▸ **What you have to do**
Beneath this line are the data; copy exactly the part of them that opens with the line containing "Section Corestriction." and closes with the line containing "exist (@in_faces n", and only that part.

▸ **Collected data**
----------

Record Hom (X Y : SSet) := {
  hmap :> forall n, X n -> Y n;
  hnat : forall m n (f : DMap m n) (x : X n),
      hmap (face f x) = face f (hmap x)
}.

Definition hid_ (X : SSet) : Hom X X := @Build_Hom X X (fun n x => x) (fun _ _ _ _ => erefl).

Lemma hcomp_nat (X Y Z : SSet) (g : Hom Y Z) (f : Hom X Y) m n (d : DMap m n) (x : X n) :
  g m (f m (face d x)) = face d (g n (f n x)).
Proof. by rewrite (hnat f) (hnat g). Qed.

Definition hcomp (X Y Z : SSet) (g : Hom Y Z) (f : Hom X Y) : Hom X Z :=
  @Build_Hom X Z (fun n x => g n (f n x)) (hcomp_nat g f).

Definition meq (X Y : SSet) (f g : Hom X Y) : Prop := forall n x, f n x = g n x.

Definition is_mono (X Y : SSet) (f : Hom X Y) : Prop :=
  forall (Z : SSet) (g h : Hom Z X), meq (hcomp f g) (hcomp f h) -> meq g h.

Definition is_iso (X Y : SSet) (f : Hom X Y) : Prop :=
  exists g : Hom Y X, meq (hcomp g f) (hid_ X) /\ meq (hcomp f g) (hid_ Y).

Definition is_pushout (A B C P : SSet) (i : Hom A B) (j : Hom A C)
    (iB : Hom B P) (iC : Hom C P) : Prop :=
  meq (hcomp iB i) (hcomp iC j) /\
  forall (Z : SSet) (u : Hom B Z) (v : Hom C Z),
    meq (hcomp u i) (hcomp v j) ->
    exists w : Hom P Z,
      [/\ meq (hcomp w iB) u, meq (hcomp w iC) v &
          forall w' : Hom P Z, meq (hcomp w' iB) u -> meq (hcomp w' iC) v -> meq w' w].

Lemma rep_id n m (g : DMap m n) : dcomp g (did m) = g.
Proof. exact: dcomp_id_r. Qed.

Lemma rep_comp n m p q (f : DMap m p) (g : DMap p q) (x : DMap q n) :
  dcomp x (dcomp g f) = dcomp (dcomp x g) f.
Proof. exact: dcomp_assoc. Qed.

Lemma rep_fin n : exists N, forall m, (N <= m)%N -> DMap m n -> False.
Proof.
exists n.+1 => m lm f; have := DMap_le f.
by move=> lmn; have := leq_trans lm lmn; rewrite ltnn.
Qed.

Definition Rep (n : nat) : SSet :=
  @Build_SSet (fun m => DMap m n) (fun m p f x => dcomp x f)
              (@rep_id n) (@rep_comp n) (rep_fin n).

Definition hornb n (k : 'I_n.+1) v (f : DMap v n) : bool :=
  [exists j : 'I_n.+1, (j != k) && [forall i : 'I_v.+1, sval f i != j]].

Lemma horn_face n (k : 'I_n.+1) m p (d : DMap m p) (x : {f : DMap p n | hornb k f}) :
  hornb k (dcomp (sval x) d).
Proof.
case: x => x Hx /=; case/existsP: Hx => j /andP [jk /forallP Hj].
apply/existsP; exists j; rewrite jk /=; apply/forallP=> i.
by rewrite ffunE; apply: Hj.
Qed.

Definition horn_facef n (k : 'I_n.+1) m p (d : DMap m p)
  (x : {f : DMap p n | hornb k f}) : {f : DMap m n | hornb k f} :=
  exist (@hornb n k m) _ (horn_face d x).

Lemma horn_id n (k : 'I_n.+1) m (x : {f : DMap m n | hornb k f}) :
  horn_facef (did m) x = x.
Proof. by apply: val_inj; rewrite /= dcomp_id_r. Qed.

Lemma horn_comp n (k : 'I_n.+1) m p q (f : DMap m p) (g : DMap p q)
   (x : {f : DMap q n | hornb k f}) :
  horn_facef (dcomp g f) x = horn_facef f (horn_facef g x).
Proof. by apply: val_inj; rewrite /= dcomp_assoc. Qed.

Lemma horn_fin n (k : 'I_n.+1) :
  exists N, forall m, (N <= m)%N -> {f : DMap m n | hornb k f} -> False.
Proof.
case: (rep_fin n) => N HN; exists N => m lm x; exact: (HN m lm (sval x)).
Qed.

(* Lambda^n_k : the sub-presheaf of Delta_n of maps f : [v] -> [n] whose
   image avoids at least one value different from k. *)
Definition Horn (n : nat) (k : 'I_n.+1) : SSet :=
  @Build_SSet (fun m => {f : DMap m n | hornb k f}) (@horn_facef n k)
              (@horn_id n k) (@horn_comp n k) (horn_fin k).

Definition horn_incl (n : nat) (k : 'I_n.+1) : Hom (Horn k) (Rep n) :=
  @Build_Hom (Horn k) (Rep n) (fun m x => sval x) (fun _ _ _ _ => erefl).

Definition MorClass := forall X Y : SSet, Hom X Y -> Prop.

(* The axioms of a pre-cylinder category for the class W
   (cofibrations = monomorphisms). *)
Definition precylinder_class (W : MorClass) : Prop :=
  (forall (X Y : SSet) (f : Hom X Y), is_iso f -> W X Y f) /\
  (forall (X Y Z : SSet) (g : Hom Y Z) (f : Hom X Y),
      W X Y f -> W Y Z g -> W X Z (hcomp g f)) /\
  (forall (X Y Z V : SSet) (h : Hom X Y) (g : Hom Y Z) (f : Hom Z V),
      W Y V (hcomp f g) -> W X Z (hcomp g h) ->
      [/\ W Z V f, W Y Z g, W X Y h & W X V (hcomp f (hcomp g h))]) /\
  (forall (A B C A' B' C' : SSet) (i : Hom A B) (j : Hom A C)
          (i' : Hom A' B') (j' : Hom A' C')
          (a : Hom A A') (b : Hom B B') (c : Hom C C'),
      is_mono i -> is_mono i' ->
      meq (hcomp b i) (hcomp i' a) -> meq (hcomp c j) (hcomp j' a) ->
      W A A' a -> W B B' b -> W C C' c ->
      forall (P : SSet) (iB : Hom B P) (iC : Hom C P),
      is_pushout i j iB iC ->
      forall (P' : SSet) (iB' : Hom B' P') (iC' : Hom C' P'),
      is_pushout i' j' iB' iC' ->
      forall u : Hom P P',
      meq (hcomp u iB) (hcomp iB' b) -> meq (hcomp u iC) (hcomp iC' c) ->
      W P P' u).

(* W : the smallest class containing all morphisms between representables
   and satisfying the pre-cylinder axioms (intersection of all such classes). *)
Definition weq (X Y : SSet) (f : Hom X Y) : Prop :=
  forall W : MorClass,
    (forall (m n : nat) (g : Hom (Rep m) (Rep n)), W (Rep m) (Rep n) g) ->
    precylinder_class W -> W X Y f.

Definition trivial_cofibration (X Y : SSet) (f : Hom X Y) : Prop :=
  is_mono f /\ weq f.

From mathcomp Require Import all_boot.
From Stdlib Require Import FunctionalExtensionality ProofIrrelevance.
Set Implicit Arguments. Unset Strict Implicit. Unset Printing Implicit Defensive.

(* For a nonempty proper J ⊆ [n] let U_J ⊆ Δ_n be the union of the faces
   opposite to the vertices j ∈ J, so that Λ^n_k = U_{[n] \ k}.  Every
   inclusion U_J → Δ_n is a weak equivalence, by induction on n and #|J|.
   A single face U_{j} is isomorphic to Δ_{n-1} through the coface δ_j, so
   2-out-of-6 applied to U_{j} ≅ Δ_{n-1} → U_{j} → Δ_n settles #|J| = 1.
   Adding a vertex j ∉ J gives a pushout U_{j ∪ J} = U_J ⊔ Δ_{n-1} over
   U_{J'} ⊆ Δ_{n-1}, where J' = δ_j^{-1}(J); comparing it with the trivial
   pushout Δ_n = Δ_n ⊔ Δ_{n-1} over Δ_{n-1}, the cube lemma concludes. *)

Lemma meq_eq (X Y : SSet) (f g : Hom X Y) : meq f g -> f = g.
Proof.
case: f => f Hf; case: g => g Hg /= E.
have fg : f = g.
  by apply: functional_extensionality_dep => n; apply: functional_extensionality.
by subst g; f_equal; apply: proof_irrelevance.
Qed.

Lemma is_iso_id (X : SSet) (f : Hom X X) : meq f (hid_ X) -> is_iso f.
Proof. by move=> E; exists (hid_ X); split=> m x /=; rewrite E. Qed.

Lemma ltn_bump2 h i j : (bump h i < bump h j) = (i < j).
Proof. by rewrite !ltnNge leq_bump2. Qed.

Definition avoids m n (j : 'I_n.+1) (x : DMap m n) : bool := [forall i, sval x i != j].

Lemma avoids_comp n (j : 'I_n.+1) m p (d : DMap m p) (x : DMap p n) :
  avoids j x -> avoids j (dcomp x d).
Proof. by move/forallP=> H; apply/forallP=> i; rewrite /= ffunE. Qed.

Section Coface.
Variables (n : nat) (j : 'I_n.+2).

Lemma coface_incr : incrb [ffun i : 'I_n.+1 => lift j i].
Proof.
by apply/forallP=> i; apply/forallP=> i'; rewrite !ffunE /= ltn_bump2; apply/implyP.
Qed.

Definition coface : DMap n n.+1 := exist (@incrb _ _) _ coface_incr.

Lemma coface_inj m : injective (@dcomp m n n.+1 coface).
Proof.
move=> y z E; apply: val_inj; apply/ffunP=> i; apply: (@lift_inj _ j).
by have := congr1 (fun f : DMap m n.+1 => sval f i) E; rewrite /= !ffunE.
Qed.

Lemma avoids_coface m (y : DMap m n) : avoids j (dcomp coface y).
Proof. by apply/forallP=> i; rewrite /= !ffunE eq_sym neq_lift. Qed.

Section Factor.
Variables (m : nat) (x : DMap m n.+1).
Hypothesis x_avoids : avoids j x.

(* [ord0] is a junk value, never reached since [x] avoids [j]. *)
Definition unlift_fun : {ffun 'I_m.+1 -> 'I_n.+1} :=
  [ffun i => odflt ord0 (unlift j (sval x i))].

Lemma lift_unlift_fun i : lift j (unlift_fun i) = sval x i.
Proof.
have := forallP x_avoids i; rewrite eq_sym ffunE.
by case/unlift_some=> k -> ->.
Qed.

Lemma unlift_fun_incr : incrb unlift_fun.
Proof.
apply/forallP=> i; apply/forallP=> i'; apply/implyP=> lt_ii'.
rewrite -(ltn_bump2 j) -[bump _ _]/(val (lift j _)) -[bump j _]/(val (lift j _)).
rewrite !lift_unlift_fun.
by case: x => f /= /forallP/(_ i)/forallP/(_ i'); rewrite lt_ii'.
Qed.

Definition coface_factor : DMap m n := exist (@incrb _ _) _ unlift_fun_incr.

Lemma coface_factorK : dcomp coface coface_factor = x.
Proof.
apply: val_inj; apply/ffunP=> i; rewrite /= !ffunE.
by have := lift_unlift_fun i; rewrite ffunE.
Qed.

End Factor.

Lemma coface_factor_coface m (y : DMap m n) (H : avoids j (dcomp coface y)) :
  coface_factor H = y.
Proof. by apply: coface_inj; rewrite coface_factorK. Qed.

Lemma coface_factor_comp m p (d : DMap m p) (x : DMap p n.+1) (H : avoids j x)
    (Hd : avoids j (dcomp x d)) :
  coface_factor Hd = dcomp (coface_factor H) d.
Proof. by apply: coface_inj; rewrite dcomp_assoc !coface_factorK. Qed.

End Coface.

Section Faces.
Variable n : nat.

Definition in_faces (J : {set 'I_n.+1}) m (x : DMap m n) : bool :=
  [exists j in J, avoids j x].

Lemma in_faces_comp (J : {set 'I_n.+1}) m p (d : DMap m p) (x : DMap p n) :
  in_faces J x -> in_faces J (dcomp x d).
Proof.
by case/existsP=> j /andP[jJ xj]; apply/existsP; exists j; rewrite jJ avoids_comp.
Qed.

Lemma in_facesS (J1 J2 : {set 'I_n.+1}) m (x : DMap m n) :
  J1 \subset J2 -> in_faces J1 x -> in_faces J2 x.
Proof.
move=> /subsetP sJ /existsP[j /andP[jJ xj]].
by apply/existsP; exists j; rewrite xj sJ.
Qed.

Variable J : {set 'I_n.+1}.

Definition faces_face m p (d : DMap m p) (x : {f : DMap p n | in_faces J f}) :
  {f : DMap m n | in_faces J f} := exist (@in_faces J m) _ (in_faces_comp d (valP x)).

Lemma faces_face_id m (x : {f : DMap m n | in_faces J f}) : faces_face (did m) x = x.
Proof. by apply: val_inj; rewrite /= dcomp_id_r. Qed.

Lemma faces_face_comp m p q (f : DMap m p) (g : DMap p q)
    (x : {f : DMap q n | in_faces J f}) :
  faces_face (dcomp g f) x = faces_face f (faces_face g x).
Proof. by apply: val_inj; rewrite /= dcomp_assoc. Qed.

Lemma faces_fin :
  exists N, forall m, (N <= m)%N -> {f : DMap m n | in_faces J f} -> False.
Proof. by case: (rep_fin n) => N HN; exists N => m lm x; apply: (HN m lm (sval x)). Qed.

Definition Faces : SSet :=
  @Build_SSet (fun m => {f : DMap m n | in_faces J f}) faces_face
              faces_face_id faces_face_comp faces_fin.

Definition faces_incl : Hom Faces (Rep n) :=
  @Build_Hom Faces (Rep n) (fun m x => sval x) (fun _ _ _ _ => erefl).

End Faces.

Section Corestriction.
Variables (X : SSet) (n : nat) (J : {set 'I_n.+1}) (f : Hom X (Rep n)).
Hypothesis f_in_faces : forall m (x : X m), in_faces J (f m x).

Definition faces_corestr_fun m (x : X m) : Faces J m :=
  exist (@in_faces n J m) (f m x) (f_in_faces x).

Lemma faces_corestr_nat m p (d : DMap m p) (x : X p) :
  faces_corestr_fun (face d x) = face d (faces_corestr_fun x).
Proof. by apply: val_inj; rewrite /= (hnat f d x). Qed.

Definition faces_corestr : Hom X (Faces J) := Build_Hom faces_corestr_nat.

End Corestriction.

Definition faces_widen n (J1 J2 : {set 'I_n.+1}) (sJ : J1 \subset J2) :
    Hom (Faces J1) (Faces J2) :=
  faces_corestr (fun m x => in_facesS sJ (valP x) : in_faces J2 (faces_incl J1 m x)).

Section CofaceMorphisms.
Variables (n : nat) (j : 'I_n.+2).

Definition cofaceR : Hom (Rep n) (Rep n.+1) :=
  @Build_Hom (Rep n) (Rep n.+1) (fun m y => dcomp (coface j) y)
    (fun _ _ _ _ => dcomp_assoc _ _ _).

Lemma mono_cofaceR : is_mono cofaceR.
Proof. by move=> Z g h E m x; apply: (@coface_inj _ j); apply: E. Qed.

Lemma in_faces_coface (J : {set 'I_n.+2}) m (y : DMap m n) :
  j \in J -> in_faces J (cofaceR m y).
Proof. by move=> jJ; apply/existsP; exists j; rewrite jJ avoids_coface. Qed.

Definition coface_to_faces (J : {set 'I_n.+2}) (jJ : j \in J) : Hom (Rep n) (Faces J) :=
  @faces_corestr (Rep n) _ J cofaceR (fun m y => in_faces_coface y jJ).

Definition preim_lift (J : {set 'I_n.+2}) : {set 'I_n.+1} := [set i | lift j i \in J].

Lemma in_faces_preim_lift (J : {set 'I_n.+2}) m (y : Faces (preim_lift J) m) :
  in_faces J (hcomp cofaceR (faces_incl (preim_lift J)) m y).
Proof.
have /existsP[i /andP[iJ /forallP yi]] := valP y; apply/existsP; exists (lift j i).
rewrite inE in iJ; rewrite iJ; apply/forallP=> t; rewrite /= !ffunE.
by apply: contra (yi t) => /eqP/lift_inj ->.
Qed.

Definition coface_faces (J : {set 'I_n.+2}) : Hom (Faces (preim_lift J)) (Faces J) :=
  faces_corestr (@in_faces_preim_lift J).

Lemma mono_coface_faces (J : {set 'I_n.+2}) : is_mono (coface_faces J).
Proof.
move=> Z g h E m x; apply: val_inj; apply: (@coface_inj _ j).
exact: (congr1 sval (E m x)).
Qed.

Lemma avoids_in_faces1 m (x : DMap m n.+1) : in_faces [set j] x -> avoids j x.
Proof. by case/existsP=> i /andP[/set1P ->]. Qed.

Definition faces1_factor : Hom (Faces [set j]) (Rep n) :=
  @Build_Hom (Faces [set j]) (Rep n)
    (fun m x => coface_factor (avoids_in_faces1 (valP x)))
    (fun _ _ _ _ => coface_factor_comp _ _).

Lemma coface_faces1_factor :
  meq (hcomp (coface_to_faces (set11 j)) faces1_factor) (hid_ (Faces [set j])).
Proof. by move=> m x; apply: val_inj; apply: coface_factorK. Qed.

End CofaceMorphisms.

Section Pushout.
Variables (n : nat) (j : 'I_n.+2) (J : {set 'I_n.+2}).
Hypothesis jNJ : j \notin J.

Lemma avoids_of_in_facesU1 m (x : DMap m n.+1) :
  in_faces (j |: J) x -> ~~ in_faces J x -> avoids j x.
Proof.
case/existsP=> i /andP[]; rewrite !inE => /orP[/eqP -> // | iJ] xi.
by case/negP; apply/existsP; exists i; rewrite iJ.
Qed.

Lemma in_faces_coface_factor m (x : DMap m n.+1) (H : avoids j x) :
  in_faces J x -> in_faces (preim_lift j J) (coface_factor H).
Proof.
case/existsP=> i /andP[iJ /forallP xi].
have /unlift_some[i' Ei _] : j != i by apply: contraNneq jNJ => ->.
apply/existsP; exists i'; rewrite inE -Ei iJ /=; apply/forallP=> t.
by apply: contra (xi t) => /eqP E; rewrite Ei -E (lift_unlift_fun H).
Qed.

----------

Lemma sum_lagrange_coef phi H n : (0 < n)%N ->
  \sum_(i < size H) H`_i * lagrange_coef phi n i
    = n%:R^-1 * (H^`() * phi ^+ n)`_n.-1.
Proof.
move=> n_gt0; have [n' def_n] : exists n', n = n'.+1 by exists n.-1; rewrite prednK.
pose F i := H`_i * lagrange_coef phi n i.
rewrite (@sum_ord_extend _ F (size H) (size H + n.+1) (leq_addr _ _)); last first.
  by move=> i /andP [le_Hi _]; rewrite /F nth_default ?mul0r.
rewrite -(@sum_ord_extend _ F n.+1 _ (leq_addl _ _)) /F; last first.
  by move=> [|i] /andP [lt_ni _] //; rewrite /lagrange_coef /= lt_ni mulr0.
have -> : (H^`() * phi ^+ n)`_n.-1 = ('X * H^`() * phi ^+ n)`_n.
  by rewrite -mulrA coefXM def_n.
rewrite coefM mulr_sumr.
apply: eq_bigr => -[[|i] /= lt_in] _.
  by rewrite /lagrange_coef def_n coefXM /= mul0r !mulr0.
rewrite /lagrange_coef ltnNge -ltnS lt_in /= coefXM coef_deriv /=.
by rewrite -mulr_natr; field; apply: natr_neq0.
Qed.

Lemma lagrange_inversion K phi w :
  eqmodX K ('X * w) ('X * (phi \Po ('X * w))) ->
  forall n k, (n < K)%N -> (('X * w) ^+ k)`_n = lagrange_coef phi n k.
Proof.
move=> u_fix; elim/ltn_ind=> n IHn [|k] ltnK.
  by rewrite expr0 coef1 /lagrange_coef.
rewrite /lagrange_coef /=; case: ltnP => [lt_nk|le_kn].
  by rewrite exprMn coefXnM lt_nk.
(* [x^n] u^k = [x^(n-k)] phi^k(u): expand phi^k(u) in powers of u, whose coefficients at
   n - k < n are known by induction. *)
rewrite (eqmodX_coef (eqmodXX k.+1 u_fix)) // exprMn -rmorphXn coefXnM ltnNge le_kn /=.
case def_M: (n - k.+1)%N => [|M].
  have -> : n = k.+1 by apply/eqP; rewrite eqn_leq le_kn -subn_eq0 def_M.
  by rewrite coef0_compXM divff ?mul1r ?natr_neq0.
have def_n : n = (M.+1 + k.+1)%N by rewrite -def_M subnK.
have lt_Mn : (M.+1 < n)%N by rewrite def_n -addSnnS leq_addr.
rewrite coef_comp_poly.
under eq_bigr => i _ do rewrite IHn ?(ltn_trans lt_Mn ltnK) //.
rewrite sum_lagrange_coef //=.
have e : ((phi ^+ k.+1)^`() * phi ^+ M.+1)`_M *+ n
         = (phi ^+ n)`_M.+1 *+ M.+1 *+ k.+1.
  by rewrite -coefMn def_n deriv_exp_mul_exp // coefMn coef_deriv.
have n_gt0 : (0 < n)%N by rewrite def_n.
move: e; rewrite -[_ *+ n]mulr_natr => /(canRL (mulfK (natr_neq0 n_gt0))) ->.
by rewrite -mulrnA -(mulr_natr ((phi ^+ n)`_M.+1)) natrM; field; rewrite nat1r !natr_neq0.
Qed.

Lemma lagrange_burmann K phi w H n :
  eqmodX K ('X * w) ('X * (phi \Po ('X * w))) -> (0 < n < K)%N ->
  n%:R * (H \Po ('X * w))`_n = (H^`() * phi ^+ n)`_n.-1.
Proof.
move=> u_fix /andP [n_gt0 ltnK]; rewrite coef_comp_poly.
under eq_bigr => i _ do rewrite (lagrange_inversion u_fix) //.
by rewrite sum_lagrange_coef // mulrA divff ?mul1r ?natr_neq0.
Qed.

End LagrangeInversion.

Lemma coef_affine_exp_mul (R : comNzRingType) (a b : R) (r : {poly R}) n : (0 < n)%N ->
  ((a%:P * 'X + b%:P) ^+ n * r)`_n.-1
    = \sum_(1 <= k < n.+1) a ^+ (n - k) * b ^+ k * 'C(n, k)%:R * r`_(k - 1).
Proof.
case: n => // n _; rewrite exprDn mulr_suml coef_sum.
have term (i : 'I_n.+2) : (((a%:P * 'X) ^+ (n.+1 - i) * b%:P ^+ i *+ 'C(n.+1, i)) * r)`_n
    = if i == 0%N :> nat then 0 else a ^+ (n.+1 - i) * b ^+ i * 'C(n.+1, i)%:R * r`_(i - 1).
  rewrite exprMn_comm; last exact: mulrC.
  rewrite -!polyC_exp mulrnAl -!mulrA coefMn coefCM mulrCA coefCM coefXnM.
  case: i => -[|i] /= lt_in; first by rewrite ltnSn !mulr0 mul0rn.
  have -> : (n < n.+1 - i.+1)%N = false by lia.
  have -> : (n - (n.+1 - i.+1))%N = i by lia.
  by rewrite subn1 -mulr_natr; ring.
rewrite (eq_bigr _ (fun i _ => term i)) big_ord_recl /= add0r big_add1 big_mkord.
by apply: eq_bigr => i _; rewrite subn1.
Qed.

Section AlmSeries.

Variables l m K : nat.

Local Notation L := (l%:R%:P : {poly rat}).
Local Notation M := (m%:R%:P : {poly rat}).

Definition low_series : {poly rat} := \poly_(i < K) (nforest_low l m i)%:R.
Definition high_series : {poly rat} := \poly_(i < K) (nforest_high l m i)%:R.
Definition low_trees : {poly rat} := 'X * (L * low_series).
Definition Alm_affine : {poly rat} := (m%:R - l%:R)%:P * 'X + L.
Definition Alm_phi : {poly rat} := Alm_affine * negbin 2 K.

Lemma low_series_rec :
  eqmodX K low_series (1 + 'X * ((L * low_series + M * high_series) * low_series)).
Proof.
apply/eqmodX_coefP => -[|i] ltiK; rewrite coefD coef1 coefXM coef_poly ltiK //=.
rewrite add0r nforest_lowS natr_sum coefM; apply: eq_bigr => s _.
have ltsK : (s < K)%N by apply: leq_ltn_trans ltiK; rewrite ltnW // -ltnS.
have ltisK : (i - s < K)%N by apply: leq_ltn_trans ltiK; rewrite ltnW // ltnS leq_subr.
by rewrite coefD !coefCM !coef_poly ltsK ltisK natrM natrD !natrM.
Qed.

----------

▸ **Exercise solution**
Section Corestriction.
Variables (X : SSet) (n : nat) (J : {set 'I_n.+1}) (f : Hom X (Rep n)).
Hypothesis f_in_faces : forall m (x : X m), in_faces J (f m x).

Definition faces_corestr_fun m (x : X m) : Faces J m :=
  exist (@in_faces n J m) (f m x) (f_in_faces x).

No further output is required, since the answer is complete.